Burkman glanced at the officers gathered near, as mute as he.
“Then, Striker—I suppose I’ve got no other choice but to break Medicine Arrow’s silly Indian curse with Custer’s Luck!”
Without another word Custer tore the reins from Burkman’s hand and leapt aboard Dandy.
Poor, simple Burkman realized he was close to crying. He hid his face, welcoming the hot stinging release of tears.
As Custer loped off, Lieutenant James Calhoun turned to Ed Godfrey, a gnawing knot tightening in his gut. He whispered, “What the devil’s Custer talking about? What have his gold spurs got to do with some Injun curse?”
Godfrey wagged his head. His own eyes clouded with the remembrance of that winter campaign down in Cheyenne country. “Goes back to the winter of sixty-nine, down in the Territories, Jim.”
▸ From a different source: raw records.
(* Let $h\in\mathcal F(X)$. Then $h\diamond(f+g)=h\diamond f+h\diamond g$ holds for all $f,g\in\mathcal F(X)$ if and only if $h$ is skew convex.
   Context: Let $K$ be a skew field, $K^*=K\setminus\{0\}$, and let $X$ be a nonempty set on which $K^*$ acts on the left, written $(a,x)\mapsto{}^{a}x$. $\mathcal F(X)$ is the set of all functions $X\to K$ with pointwise addition; the constant function with value $a\in K$ is denoted $a$. The skew product of $f,g\in\mathcal F(X)$ is $(f\diamond g)(x)=f({}^{g(x)}x)\,g(x)$ if $g(x)\neq0$ and $0$ if $g(x)=0$. A function $f\in\mathcal F(X)$ is skew convex if $f\diamond(a+b)=f\diamond a+f\diamond b$ for all $a,b\in K$ (viewed as constant functions). *)

From mathcomp Require Import all_boot all_algebra.
Set Implicit Arguments. Unset Strict Implicit. Unset Printing Implicit Defensive.
Import GRing.Theory.
Local Open Scope ring_scope.

(* A skew field K is modelled as a unitRingType (nontrivial ring with
   inverses for units) in which every nonzero element is a unit. *)
Definition skew_field_axiom (K : unitRingType) : Prop :=
  forall a : K, a != 0 -> a \is a GRing.unit.

(* A left action of K^* = K \ {0} on X, given by act : K -> X -> X
   (its values at 0 are irrelevant). *)
Definition left_action_Kstar (K : unitRingType) (X : Type)
  (act : K -> X -> X) : Prop :=
  (forall x, act 1 x = x) /\
  (forall a b x, a != 0 -> b != 0 -> act (a * b) x = act a (act b x)).

Definition fadd (K : unitRingType) (X : Type) (f g : X -> K) : X -> K :=
  fun x => f x + g x.


Definition skew_prod (K : unitRingType) (X : Type) (act : K -> X -> X)
  (f g : X -> K) : X -> K :=
  fun x => if g x == 0 then 0 else f (act (g x) x) * g x.

Definition skew_convex (K : unitRingType) (X : Type) (act : K -> X -> X)
  (f : X -> K) : Prop :=
  forall a b : K,
    skew_prod act f (fun _ : X => a + b) =
    fadd (skew_prod act f (fun _ : X => a)) (skew_prod act f (fun _ : X => b)).

From mathcomp Require Import all_boot all_algebra.
From Stdlib Require Import FunctionalExtensionality.

(* The key observation is that the skew product is local in its right factor:
   the value of (h <> g) at a point x depends on g only through the scalar
   g(x), so (h <> g)(x) = (h <> c)(x) where c is the constant function g(x).
   Hence the distributive law h <> (f + g) = h <> f + h <> g, checked at a
   point x, is the instance of skew convexity with a = f(x) and b = g(x).
   Conversely skew convexity is the distributive law restricted to constant
   functions. *)

Section SkewProduct.

Variables (K : unitRingType) (X : Type) (act : K -> X -> X) (h : X -> K).

Lemma skew_prod_local (g : X -> K) (x : X) :
  skew_prod act h g x = skew_prod act h (fun _ => g x) x.
Proof. by []. Qed.

Lemma skew_convex_distr_at (f g : X -> K) (x : X) :
  skew_convex act h ->
  skew_prod act h (fadd f g) x = fadd (skew_prod act h f) (skew_prod act h g) x.
Proof.
move=> convex_h.
rewrite skew_prod_local [LHS](congr1 (fun F => F x) (convex_h (f x) (g x))).
by rewrite /fadd -!skew_prod_local.
Qed.

Lemma skew_convex_distr (f g : X -> K) :
  skew_convex act h ->
  skew_prod act h (fadd f g) = fadd (skew_prod act h f) (skew_prod act h g).
Proof.
by move=> convex_h; apply: functional_extensionality => x;
  exact: skew_convex_distr_at.
Qed.

End SkewProduct.

Theorem lemma2p3 (K : unitRingType) (X : Type) (act : K -> X -> X)
  (HK : skew_field_axiom K) (x0 : X) (Hact : left_action_Kstar act)
  (h : X -> K) :
  (forall f g : X -> K,
     skew_prod act h (fadd f g) = fadd (skew_prod act h f) (skew_prod act h g))
  <-> skew_convex act h.
Proof.
split=> [distr_h a b | convex_h f g].
- exact: (distr_h (fun _ => a) (fun _ => b)).
- exact: skew_convex_distr.
Qed.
“What the hell is it, Ed?” Calhoun gazed anxiously at Godfrey. “Tell me, dammit!”
“A goddamned chief put a curse on the General—”
“Curse?” Calhoun shrieked in a hoarse whisper.
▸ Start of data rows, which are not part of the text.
(* Test the subharmonicity against [exp (-alpha d(., x0)) * cutoff r (d(., x0))],
   sum by parts, and bound the gradient of the test function with the 1-intrinsic metric. *)
Lemma caccioppoli_estimate (M r delta : R) (L' : list G) :
  sum_le (fun x => f x * exp (- alpha * d x x0) * mu x) M ->
  0 < r -> 0 < delta -> NoDup L' -> (forall x, In x L' -> d x x0 <= r) ->
  c * fin_sum (fun x => f x * exp (- alpha * d x x0) * mu x) L'
  <= (alpha * exp (s * alpha) + / r) * C0 * M + delta.
Proof.
  intros HM Hr Hdelta HL' HL'r.
  pose proof d_pseudo_metric as [d_ge0 _].
  set (phi := fun x => exp (- alpha * d x x0)).
  set (psi := fun x => phi x * cutoff r (d x x0)).
  set (k := alpha * exp (s * alpha) + / r).
  assert (Hk : 0 <= k).
  { pose proof (exp_pos (s * alpha)); pose proof (Rinv_0_lt_compat r Hr).
    unfold k; nra. }
  assert (Hpsi : forall x, 0 <= psi x <= 1)
    by (intros x; apply weighted_cutoff_range; auto).
  destruct (d_finite_balls x0 (2 * r)) as [K HK].
  assert (Hsupp : forall x, psi x <> 0 -> In x K).
  { intros x Hx; apply HK. destruct (Rlt_le_dec (d x x0) (2 * r)) as [?|Hfar]; auto.
    exfalso; apply Hx; unfold psi; rewrite cutoff_outer by auto; ring. }
  destruct (eventually_incl_witness eq_dec _ L'
    (test_function_lower w mu f c psi K f_subharmonic Hpsi Hsupp delta Hdelta))
    as [L [HL [HL'L Hlow]]].
  rewrite fin_sum_green in Hlow by exact w_sym.
  assert (Hgrad : forall x y, 0 < w x y -> psi y - psi x <= k * phi x * d x y).
  { intros x y Hxy.
    apply weighted_cutoff_increment; auto using pseudo_metric_lipschitz. }
  pose proof (test_function_upper w mu f d phi psi k C0 w_ge0 f_ge0
    ltac:(intros x; left; apply exp_pos) d_ge0 Hk d_1_intrinsic Hgrad L HL) as Hup.
  assert (Hinner : fin_sum (fun x => f x * phi x * mu x) L'
                   <= fin_sum (fun x => psi x * f x * mu x) L).
  { rewrite (fin_sum_ext _ (fun x => psi x * f x * mu x) L')
      by (intros x Hx; unfold psi; rewrite cutoff_inner by auto; ring).
    apply fin_sum_incl; auto. intros x.
    pose proof (Hpsi x); pose proof (f_ge0 x); pose proof (mu_gt0 x).
    apply Rmult_le_pos; [apply Rmult_le_pos|]; lra. }
  assert (fin_sum (fun x => f x * phi x * mu x) L <= M) by exact (HM L HL).
  assert (k * C0 * fin_sum (fun x => f x * phi x * mu x) L <= k * C0 * M)
    by (apply Rmult_le_compat_l; [apply Rmult_le_pos|]; auto).
  assert (c * fin_sum (fun x => f x * phi x * mu x) L'
          <= c * fin_sum (fun x => psi x * f x * mu x) L)
    by (apply Rmult_le_compat_l; auto).
  change (c * fin_sum (fun x => f x * phi x * mu x) L' <= k * C0 * M + delta).
  lra.
Qed.

Lemma weighted_sum_contraction (M : R) :
  0 < c -> sum_le (fun x => f x * exp (- alpha * d x x0) * mu x) M ->
  sum_le (fun x => f x * exp (- alpha * d x x0) * mu x)
    (alpha * exp (s * alpha) * C0 / c * M).
Proof.
  intros Hc HM L' HL'.
  destruct (finite_list_within d x0 L') as [r0 [Hr0 HL'r0]].
  apply Rmult_le_reg_l with c; [exact Hc|].
  replace (c * (alpha * exp (s * alpha) * C0 / c * M))
    with (alpha * exp (s * alpha) * C0 * M) by (field; lra).
  apply (le_of_le_add_inv _ _ (C0 * M) r0 Hr0); intros r delta Hr Hdelta.
  replace (alpha * exp (s * alpha) * C0 * M + C0 * M / r + delta)
    with ((alpha * exp (s * alpha) + / r) * C0 * M + delta) by (field; lra).
  apply caccioppoli_estimate; auto; [lra|].
  intros x Hx; specialize (HL'r0 x Hx); lra.
Qed.

End Caccioppoli.

(* The least upper bound [F] of the partial sums satisfies [F <= theta F]. *)
Lemma sum_le_contraction_zero {T : Type} (g : T -> R) (M theta : R) :
  (forall x, 0 <= g x) -> theta < 1 -> sum_le g M ->
  (forall M', sum_le g M' -> sum_le g (theta * M')) ->
  forall x, g x = 0.
Proof.
  intros Hg Htheta HM Hcontr x.
  set (E := fun r => exists L, NoDup L /\ r = fin_sum g L).
  destruct (completeness E) as [F [HFub HFlub]].
  { exists M; intros r [L [HL ->]]; exact (HM L HL). }
  { exists 0, nil; split; [constructor | reflexivity]. }
  assert (HF : sum_le g F) by (intros L HL; apply HFub; exists L; auto).
  assert (HF0 : 0 <= F) by exact (HF nil (NoDup_nil _)).
  assert (F <= theta * F)
    by (apply HFlub; intros r [L [HL ->]]; exact (Hcontr F HF L HL)).
  assert (HF1 : fin_sum g (x :: nil) <= F)
    by (apply HF; constructor; [intros [] | constructor]).
  pose proof (Hg x); simpl in HF1; nra.
Qed.

Lemma injective_nat_eq_dec {G : Type} (code : G -> nat) :
  (forall x y, code x = code y -> x = y) -> forall x y : G, {x = y} + {x <> y}.
Proof.
  intros Hinj x y. destruct (Nat.eq_dec (code x) (code y)) as [E|E].
  - left; exact (Hinj x y E).
  - right; intros ->; exact (E eq_refl).
Qed.

Theorem theorem3p3 (G : Type) (w : G -> G -> R) (mu : G -> R)
  (d : G -> G -> R) (C0 s : R) (V : G -> R) (c0 : R) (u : G -> R)
  (p alpha : R) (x0 : G) :
  weighted_graph w mu ->
  infinite_type G ->
  connected w ->
  pseudo_metric d ->
  intrinsic w mu d ->
  0 < C0 ->
  q_intrinsic w mu d 1 C0 ->
  jump_size w d s ->
  finite_balls d ->
  is_inf V c0 ->
  0 < c0 ->
  solves_schrodinger w mu V u ->
  1 <= p ->
  0 < alpha ->
  C0 * alpha * exp (s * alpha) < c0 * p ->
  in_lp_weighted mu p (fun x => exp (- alpha * d x x0)) u ->
  forall x : G, u x = 0.
Proof.
  intros [[code Hcode] [Hmu [Hw [Hsym _]]]] _ _ Hd _ HC0 Hint Hjump Hball [HV _] Hc0
    Hsol Hp Halpha Hgap [M HM] x.
  set (f := fun y => rpow (Rabs (u y)) p).
  pose proof (injective_nat_eq_dec code Hcode) as Hdec.
  assert (Hf : forall y, 0 <= f y) by (intros y; apply rpow_nonneg).
  assert (Hs : forall y y', 0 < w y y' -> d y y' <= s)
    by (intros y y' Hyy'; apply (proj1 Hjump); exists y, y'; auto).
  assert (Hsub : forall y eps, 0 < eps -> eventually_incl (fun L =>
      c0 * p * mu y * f y - eps <= fin_sum (fun z => w y z * (f z - f y)) L))
    by (intros y; apply (abs_rpow_subharmonic w mu V u); auto).
  set (theta := alpha * exp (s * alpha) * C0 / (c0 * p)).
  assert (Htheta : theta < 1)
    by (unfold theta; apply Rmult_lt_reg_r with (c0 * p); [nra|]; field_simplify; nra).
  assert (Hfx : f x * exp (- alpha * d x x0) * mu x = 0).
  { apply (sum_le_contraction_zero (fun y => f y * exp (- alpha * d y x0) * mu y) M theta);
      auto.
    - intros y; pose proof (Hf y); pose proof (exp_pos (- alpha * d y x0)); pose proof (Hmu y).
      apply Rmult_le_pos; [apply Rmult_le_pos|]; lra.
    - intros M'; apply (weighted_sum_contraction w mu d f C0 s (c0 * p) alpha x0); auto; nra. }
  pose proof (exp_pos (- alpha * d x x0)); pose proof (Hmu x).
  assert (Hf0 : f x = 0).
  { apply Rmult_integral in Hfx as [Hfx|]; [apply Rmult_integral in Hfx as [|]|]; lra. }
  exact (rpow_abs_eq0 (u x) p Hf0).
Qed.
“Chief claimed Custer and all his men would get wiped out.”
Calhoun gulped and tried a grin. “A curse. Shit! Silly pagan superstition, what it is. Right, Ed?”
Godfrey didn’t return Calhoun’s tin-plated smile. “Right, Jim. Nothing but silly superstition.”
Jim was a big man, the kind any plainsman or hard case might think twice about taking on.
Calhoun watched Ed Godfrey turn and ride off. “Say, Ed … so how come you don’t think it’s just superstition, eh? So how come?”
Moments later Custer whirled back up to Burkman. “Remember, dog-robber, we’ll be back by dinner for a good feed. These men’ll be hungry, and I more than they! A good scrap does wonders for my appetite!”
Burkman watched the general wink as Autie Reed and Boston Custer loped up at that moment, followed into the intimate gathering by Custer’s brother.